Во всяком случае, в боковушке все жили в полном согласии. Госпожи «за любовь» приказывали, Аннушка – «за любовь» повиновалась. И если по временам барышни называли свою рабу строптивою, то это относилось не столько к внутренней сущности речей и поступков последней, сколько к их своеобразной форме.

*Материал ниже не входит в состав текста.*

(* The crossed product T x|_{theta,sigma} G, realised as the Rees      *)
(* quotient of L by {0 delta_x} \cup {0}: its elements are the zero    *)
(* and the a delta_x with a in T_x, a <> 0.                            *)
Section CrossedProduct.
Variables (G : groupoid) (K : fieldType) (T : ksemigroup K)
          (P : twisted_partial_action G T).

Definition cp_valid (p : option (T * G)) : Prop :=
  match p with
  | None => True
  | Some (a, x) => tdom P x a /\ a <> szero
  end.

Definition crossed_product := {p : option (T * G) | cp_valid p}.

Definition cp_zero : crossed_product := exist cp_valid None I.

(* the class of a delta_x in the quotient (zero if a = 0) *)
Definition cp_delta (a : T) (x : G) : crossed_product :=
  match excluded_middle_informative (tdom P x a /\ a <> szero) with
  | left H => exist cp_valid (Some (a, x)) H
  | right _ => cp_zero
  end.

Definition cp_mul (p q : crossed_product) : crossed_product :=
  match proj1_sig p, proj1_sig q with
  | Some (a, x), Some (b, y) =>
      match excluded_middle_informative (gd x = gr y) with
      | left _ =>
          cp_delta (sscale (tsig P x y) (tth P x (smul (ttinv P x a) b)))
                   (gmul x y)
      | right _ => cp_zero
      end
  | _, _ => cp_zero
  end.

Definition cp_scale (al : K) (p : crossed_product) : crossed_product :=
  match proj1_sig p with
  | Some (a, x) => cp_delta (sscale al a) x
  | None => cp_zero
  end.

Definition Gamma_theta (x : G) : crossed_product := cp_delta (tone P x) x.

End CrossedProduct.

(* product [qmul] and scalar action [qscale].  Equality in Q/lambda of  *)
(* xi(s) and xi(t) is  s lambda t,  and xi(s)xi(t)xi(u) = xi(stu).      *)
Definition lambda_rel (K : fieldType) (Q : Type) (qscale : K -> Q -> Q)
  (s t : Q) : Prop := exists al : K, al != 0 /\ s = qscale al t.

Definition partial_projective_rep (G : groupoid) (K : fieldType) (Q : Type)
  (qmul : Q -> Q -> Q) (qscale : K -> Q -> Q) (Gam : G -> Q) : Prop :=
  forall x y : G, gd x = gr y ->
    lambda_rel qscale (qmul (qmul (Gam (ginv x)) (Gam x)) (Gam y))
                      (qmul (Gam (ginv x)) (Gam (gmul x y))) /\
    lambda_rel qscale (qmul (qmul (Gam x) (Gam y)) (Gam (ginv y)))
                      (qmul (Gam (gmul x y)) (Gam (ginv y))).

Definition is_factor_set (G : groupoid) (K : fieldType) (Q : Type)
  (qmul : Q -> Q -> Q) (qscale : K -> Q -> Q) (qzero : Q) (Gam : G -> Q)
  (sig : G -> G -> K) : Prop :=
  forall x y : G, gd x = gr y -> qmul (Gam x) (Gam y) <> qzero ->
    [/\ sig x y != 0,
        qmul (qmul (Gam (ginv x)) (Gam x)) (Gam y)
          = qscale (sig x y) (qmul (Gam (ginv x)) (Gam (gmul x y)))
      & qmul (qmul (Gam x) (Gam y)) (Gam (ginv y))
          = qscale (sig x y) (qmul (Gam (gmul x y)) (Gam (ginv y)))].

Только один раз согласие было нарушено, и Аннушка вполне сознательно позволила себе быть строптивою. И именно вот по какому случаю. В припадке проказливости, тетеньке Марье Порфирьевне вдруг вздумалось выдать Анку-каракатицу (в то время обе, и барышня и раба, были еще молоды) замуж. Серьезно ли в ней гнездилось это намерение, или она только шутки шутила, во всяком случае, Аннушка испугалась. Да и было отчего: в женихи ей выбрали самого рослого детину из всей уголковской вотчины. Аннушка бросилась к тетеньке Ольге Порфирьевне, но последней сестрицына мысль показалась настолько забавною, что она и сама не отказалась принять участие в затеянном сватовстве. Недели две-три сряду томили веселые сестрицы несчастную каракатицу и наконец объявили, что через день быть девичнику. И вот, ввиду неминучей беды, Аннушка решилась ослушаться. Украдучись, ушла она ночью из Уголка, почти без отдыха отмахала сорок верст и на другой день к обеду была уж в Малиновце. Разумеется, отец (он был еще холостой) принял ее под свое покровительство, написал тетенькам грозное письмо, и затея не состоялась. Но невольно спрашиваешь себя: что сталось бы, если бы и на отца нашел такой же смешливый час, как и на тетеньку Ольгу Порфирьевну?

вернуться

41

Фольгой называлась жесть самой тонкой прокатки, окрашиваемая в разные цвета. Из нее делали преимущественно украшения для местных церковных свечей, венчики для образов, а иногда и целые оклады.